A growing number of real estate agents are using similar techniques, said Mallory Anderson, executive director of the National Association of Home Inspectors. About 85 percent of all houses sold are given the once-over by inspectors.

Once the sellers agree to a home inspection, they can attach receipts to the finished report to show what was done to correct problems, said Jerry Chesser, a home inspector for Win Home Inspection in Denver.

“People are trying to sweeten up their deals,” said Peter Robberson, a home inspector/owner of Welcome Home Inspections in Colorado Springs. “(But) it appears that sellers would rather wait for buyers to ask for one rather than use a list to repair various and sundry things the buyer might not even care about.”

When a seller is willing to do a pre-listing home inspection, it increases the real estate agent’s comfort level as well, said David Fish, an agent at Re/Max in Boulder, who pays for the $300 inspections out of his own pocket.

“It’s dramatically reducing the chances of the contract blowing up,” Fish said. “Anything I can do to help my properties sell faster and for more money, that’s definitely something that adds value to me.”

For Golden homeowner Linda White, that meant making a punchlist of items that needed to be fixed and treating the repairs as a full-time job for two weeks.

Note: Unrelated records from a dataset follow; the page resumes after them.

(* For $n\ge 0$ let $s_n=\sum_{r=0}^{n} 1/r!$ and define the integer $A_n$ by $A_n/n! = s_n$, i.e. $A_n=\sum_{r=0}^n n!/r!$. Let $d_n=\gcd(A_n,n!)$. Then for every $n\ge 0$, $$d_n\, d_{n+1}\, d_{n+2} \le (n+3)!.$$ *)

From mathcomp Require Import all_boot.
Set Implicit Arguments. Unset Strict Implicit. Unset Printing Implicit Defensive.

(* A_n = sum_{r=0}^n n!/r!  (each division is exact since r <= n),
   so that A_n / n! = s_n = sum_{r=0}^n 1/r!. *)
Definition A (n : nat) : nat := \sum_(r < n.+1) n`! %/ r`!.

Definition d (n : nat) : nat := gcdn (A n) n`!.

(* Since A_(n+1) = (n+1) A_n + 1, consecutive A's are coprime, so d_(n+1) is
   coprime to both d_n and d_(n+2). Iterating, A_(n+2) = (n+2)(n+1) A_n + (n+3),
   so gcd(d_n, d_(n+2)) divides n+3. All three d's divide (n+2)!, hence so does
   d_(n+1) lcm(d_n, d_(n+2)), and the product d_n d_(n+1) d_(n+2) is this lcm
   term times gcd(d_n, d_(n+2)), which divides (n+2)! (n+3) = (n+3)!. *)
From mathcomp Require Import all_boot.

Set Implicit Arguments.
Unset Strict Implicit.
Unset Printing Implicit Defensive.

Lemma dvdn_fact_fact m n : m <= n -> m`! %| n`!.
Proof. by move=> le_mn; rewrite -(ffact_fact (leq_subr m n)) subKn // dvdn_mull. Qed.

Lemma dvdn_mul3_coprime_mid a b c N k :
  coprime a b -> coprime b c -> a %| N -> b %| N -> c %| N -> gcdn a c %| k ->
  a * b * c %| N * k.
Proof.
move=> co_ab co_bc aN bN cN gac_k.
have co_b_lcm : coprime b (lcmn a c).
  apply: coprime_dvdr (_ : lcmn a c %| a * c) _.
    by rewrite -muln_lcm_gcd dvdn_mulr.
  by rewrite coprimeMr [coprime b a]coprime_sym co_ab co_bc.
have lcm_bac : b * lcmn a c %| N.
  by rewrite Gauss_dvd // bN dvdn_lcm aN cN.
have -> : a * b * c = b * lcmn a c * gcdn a c.
  by rewrite -[RHS]mulnA muln_lcm_gcd mulnCA mulnA.
exact: dvdn_mul.
Qed.

Lemma A_rec n : A n.+1 = n.+1 * A n + 1.
Proof.
rewrite /A big_ord_recr /= divnn fact_gt0; congr (_ + _).
rewrite big_distrr /=; apply: eq_bigr => i _.
by rewrite factS muln_divA // dvdn_fact_fact // -ltnS.
Qed.

Lemma A_rec2 n : A n.+2 = n.+2 * n.+1 * A n + n.+3.
Proof. by rewrite !A_rec mulnDr muln1 mulnA -addnA addn1. Qed.

Lemma coprime_A_succ n : coprime (A n) (A n.+1).
Proof. by rewrite /coprime A_rec gcdnMDl gcdn1. Qed.

Lemma gcd_A_A2_dvd n : gcdn (A n) (A n.+2) %| n.+3.
Proof. by rewrite A_rec2 gcdnMDl dvdn_gcdr. Qed.

Lemma d_dvd_A n : d n %| A n.
Proof. exact: dvdn_gcdl. Qed.

Lemma d_dvd_fact m n : m <= n -> d m %| n`!.
Proof. by move=> le_mn; rewrite (dvdn_trans (dvdn_gcdr _ _)) ?dvdn_fact_fact. Qed.

Lemma coprime_d_succ n : coprime (d n) (d n.+1).
Proof. exact: coprime_dvdl (d_dvd_A n) (coprime_dvdr (d_dvd_A n.+1) (coprime_A_succ n)). Qed.

Lemma gcd_d_d2_dvd n : gcdn (d n) (d n.+2) %| n.+3.
Proof.
apply: dvdn_trans _ (gcd_A_A2_dvd n).
by rewrite dvdn_gcd (dvdn_trans (dvdn_gcdl _ _) (d_dvd_A _))
  (dvdn_trans (dvdn_gcdr _ _) (d_dvd_A _)).
Qed.

Theorem lemma2p2 (n : nat) : d n * d n.+1 * d n.+2 <= n.+3`!.
Proof.
apply: dvdn_leq; first exact: fact_gt0.
rewrite factS [n.+3 * _]mulnC.
by apply: (dvdn_mul3_coprime_mid (coprime_d_succ n) (coprime_d_succ n.+1)
  _ _ _ (gcd_d_d2_dvd n)); apply: d_dvd_fact; rewrite // !leqW.
Qed.
(* Let $2\leq m\leq n\leq p$ be integers. The $m\times n\times p$ chessboard has a bi-sited closed knight tour if and only if all of the following hold: (a) at least one of $m,n,p$ is even; (b) $n\geq 3$; (c) $p\geq 4$.
   Context: The $m\times n\times p$ board is $\mathcal{B}=\{1,\dots,m\}\times\{1,\dots,n\}\times\{1,\dots,p\}$. Knight moves $\mathcal{C}_3$ are vectors in $\mathbb{Z}^3$ with exactly one coordinate in $\{\pm1\}$, exactly one in $\{\pm2\}$ and the remaining one $0$; cells are adjacent iff their difference is in $\mathcal{C}_3$; a closed knight tour is a Hamiltonian cycle. Let $e_1,e_2,e_3$ be the standard basis. For $c\in\mathcal{C}_3$ let $e_{[c,1]}$ (resp. $e_{[c,2]}$) be the basis vector of the coordinate where $c$ has entry $\pm1$ (resp. $\pm2$), and $\tilde c=-\langle c,e_{[c,1]}\rangle e_{[c,1]}+\langle c,e_{[c,2]}\rangle e_{[c,2]}$. For a Hamiltonian cycle $(a^i)_{i\in I}$, $I=\{1,\dots,N\}$, indices mod $N$, a \emph{site} given by edges $\{a^n,a^{n+1}\}$, $\{a^m,a^{m+1}\}$ is one of the following, for some $c\in\mathcal{C}_3$ and some $i$: (wopp) $a^{n+1}=a^n+c$, $a^m=a^{m+1}+c$, $a^m-a^{n+1}=a^{m+1}-a^n\in\{\pm2e_i\}$; (nwopp) $a^{n+1}=a^n+c$, $a^{m+1}=a^m+c$, $a^m-a^n=a^{m+1}-a^{n+1}\in\{\pm2e_i\}$; (wocp) $a^{n+1}=a^n+c$, $a^{m+1}=a^m+\tilde c$, $a^m-a^n=\langle c,e_{[c,1]}\rangle e_{[c,1]}$; (nwocp) $a^{n+1}=a^n+c$, $a^m=a^{m+1}+\tilde c$, $a^{m+1}-a^n=\langle c,e_{[c,1]}\rangle e_{[c,1]}$. Its support is $\{a^n,a^{n+1},a^m,a^{m+1}\}$. A closed tour is \emph{bi-sited} if it contains two sites with disjoint supports. *)

From mathcomp Require Import all_boot all_order all_algebra.
Set Implicit Arguments. Unset Strict Implicit. Unset Printing Implicit Defensive.
Import Order.TTheory GRing.Theory Num.Theory.
Local Open Scope ring_scope.
(* Between consecutive ranks of the other vertices (and [gam]), the matching is fixed and the
   integrand is an affine combination of [g t] and constants. *)
Lemma integrand_integrable_piece A B : 0 <= A -> A < B -> B <= 1 ->
  (forall p, In p (gam :: map (upd y u yu) (seq 0 n)) -> ~ (A < p < B)) ->
  Riemann_integrable integrand A B.
Proof.
  intros HA HAB HB Hp. set (t0 := (A + B) / 2).
  assert (Ht0 : A < t0 < B) by (unfold t0; lra).
  apply Riemann_integrable_ext_open
    with (fun t => alpha g (ranks t) (matching t0) u + indic gam t0 * alpha g (ranks t) (matching t0) v);
    [lra| |].
  - intros t Ht. unfold integrand; cbv zeta. fold (matching t).
    assert (HM : matching t = matching t0).
    { apply ranking_fold_ext. intros a b ha hb _ _. apply rank_lt_upd_stable; intros;
        apply strictly_same_side_outside with A B; auto; apply Hp; right; apply in_map, in_seq; lia. }
    assert (Hind : indic gam t = indic gam t0).
    { destruct (strictly_same_side_outside gam A B t t0 Ht Ht0 (Hp gam (or_introl eq_refl)))
        as [[]|[]]; unfold indic; do 2 destruct Rlt_dec; auto; lra. }
    rewrite HM, Hind. ring.
  - apply Riemann_integrable_plus; [|apply Riemann_integrable_scal];
      apply alpha_upd_integrable; auto; lra.
Qed.

Lemma integrand_integrable : Riemann_integrable integrand 0 1.
Proof.
  apply (integrable_off_breakpoints integrand (gam :: map (upd y u yu) (seq 0 n))); [lra|].
  intros a b ha hab hb hP. apply integrand_integrable_piece; auto; lra.
Qed.

Lemma integral_lower_bound : exists pr : Riemann_integrable integrand 0 1,
  RiemannInt pr >= 1 - gam - (1 - theta) * g theta + gam * Rmin (g yu) (1 - g theta).
Proof.
  exists integrand_integrable.
  pose proof (marginal_rank_range _ _ _ _ _ _ _ Htheta) as Hth.
  pose proof (marginal_rank_range _ _ _ _ _ _ _ Hgam) as Hga.
  pose proof (Hg_range theta Hth) as Hgth.
  assert (Hindic : forall t, indic gam t = if Rlt_dec gam t then 1 else 0) by reflexivity.
  pose proof (RiemannInt_ge_piecewise integrand gam (Rmax gam theta)
    (Rmin (g yu) (1 - g theta)) 1 (1 - g theta) integrand_integrable) as Hint.
  apply Rle_ge. eapply Rle_trans; [|apply Hint].
  - destruct (Rle_dec gam theta);
      [rewrite Rmax_right by lra; nra|rewrite Rmax_left by lra; nra].
  - split; [lra|apply Rmax_l].
  - apply Rmax_lub; lra.
  - intros t Ht. unfold integrand; cbv zeta. rewrite Hindic.
    destruct (Rlt_dec gam t); [lra|]. rewrite Rmult_0_r, Rplus_0_r. apply alpha_u_lower; lra.
  - intros t Ht. unfold integrand; cbv zeta. rewrite Hindic.
    destruct (Rlt_dec gam t); [|lra]. rewrite Rmult_1_r. apply alpha_sum_below_theta.
    split; [lra|]. destruct (Rle_dec gam theta);
      [rewrite Rmax_right in Ht by lra|rewrite Rmax_left in Ht by lra]; lra.
  - intros t Ht. pose proof (Rmax_l gam theta). unfold integrand; cbv zeta. rewrite Hindic.
    destruct (Rlt_dec gam t); [|lra]. rewrite Rmult_1_r. apply alpha_sum_above_gamma; lra.
Qed.

End Instance.

Theorem lemma4p3
  (n : nat) (adj : nat -> nat -> bool) (ord : list nat)
  (g : R -> R) (u v : nat) (y : nat -> R) (tau gam yu theta : R) :
  fo_instance n adj ord ->
  bipartite n adj ->
  (forall a b, 0 <= a -> a <= b -> b <= 1 -> g a <= g b) ->
  (forall x, 0 <= x <= 1 -> 0 <= g x <= 1) ->
  g 1 = 1 ->
  (u < n)%nat -> (v < n)%nat -> adj u v = true ->
  deadline_before ord u v ->
  (forall x, (x < n)%nat -> x <> u -> x <> v -> 0 <= y x < 1) ->
  is_marginal_rank n adj ord (minus1 v) y u tau ->
  is_marginal_rank n adj ord (minus1 u) y v gam ->
  0 <= yu < 1 ->
  is_marginal_rank n adj ord allv (upd y u yu) v theta ->
  tau < yu ->
  exists pr : Riemann_integrable
      (fun yv =>
         let z := upd (upd y u yu) v yv in
         let M := ranking n adj ord allv z in
         alpha g z M u + alpha g z M v * indic gam yv) 0 1,
    RiemannInt pr >=
      1 - gam - (1 - theta) * g theta + gam * Rmin (g yu) (1 - g theta).
Proof.
  intros [_ [Hirr Hperm]] [side Hside] Hg_mono Hg_range Hg1 Hu Hv Huv [l1 [l2 [l3 Hord]]]
    Hy Htau Hgam Hyu Htheta Htau_yu.
  assert (Hord_n : forall w, In w ord -> (w < n)%nat).
  { intros w Hw. apply (Permutation_in _ Hperm), in_seq in Hw. lia. }
  assert (Hord_nodup : NoDup ord) by exact (Permutation_NoDup (Permutation_sym Hperm) (seq_NoDup n 0)).
  eapply integral_lower_bound; eassumption.
Qed.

It even included painting scratches on windows and doors, she said.

“We rented a storage unit and put things in there to make the house seem less cluttered,” said White, 52. “I bent over backwards to make the house really nice.” The house sold for more than $600,000 last month.

With the average number of home sales down 20 percent this year, every little bit helps, said Anderson, the national trade group leader. “People are looking for new and innovative ways to make their properties stand out.”


This story has been corrected in this online archive. Originally, because of a reporting error, it misidentified Mallory Anderson, who is executive director of the National Association of Home Inspectors, Inc.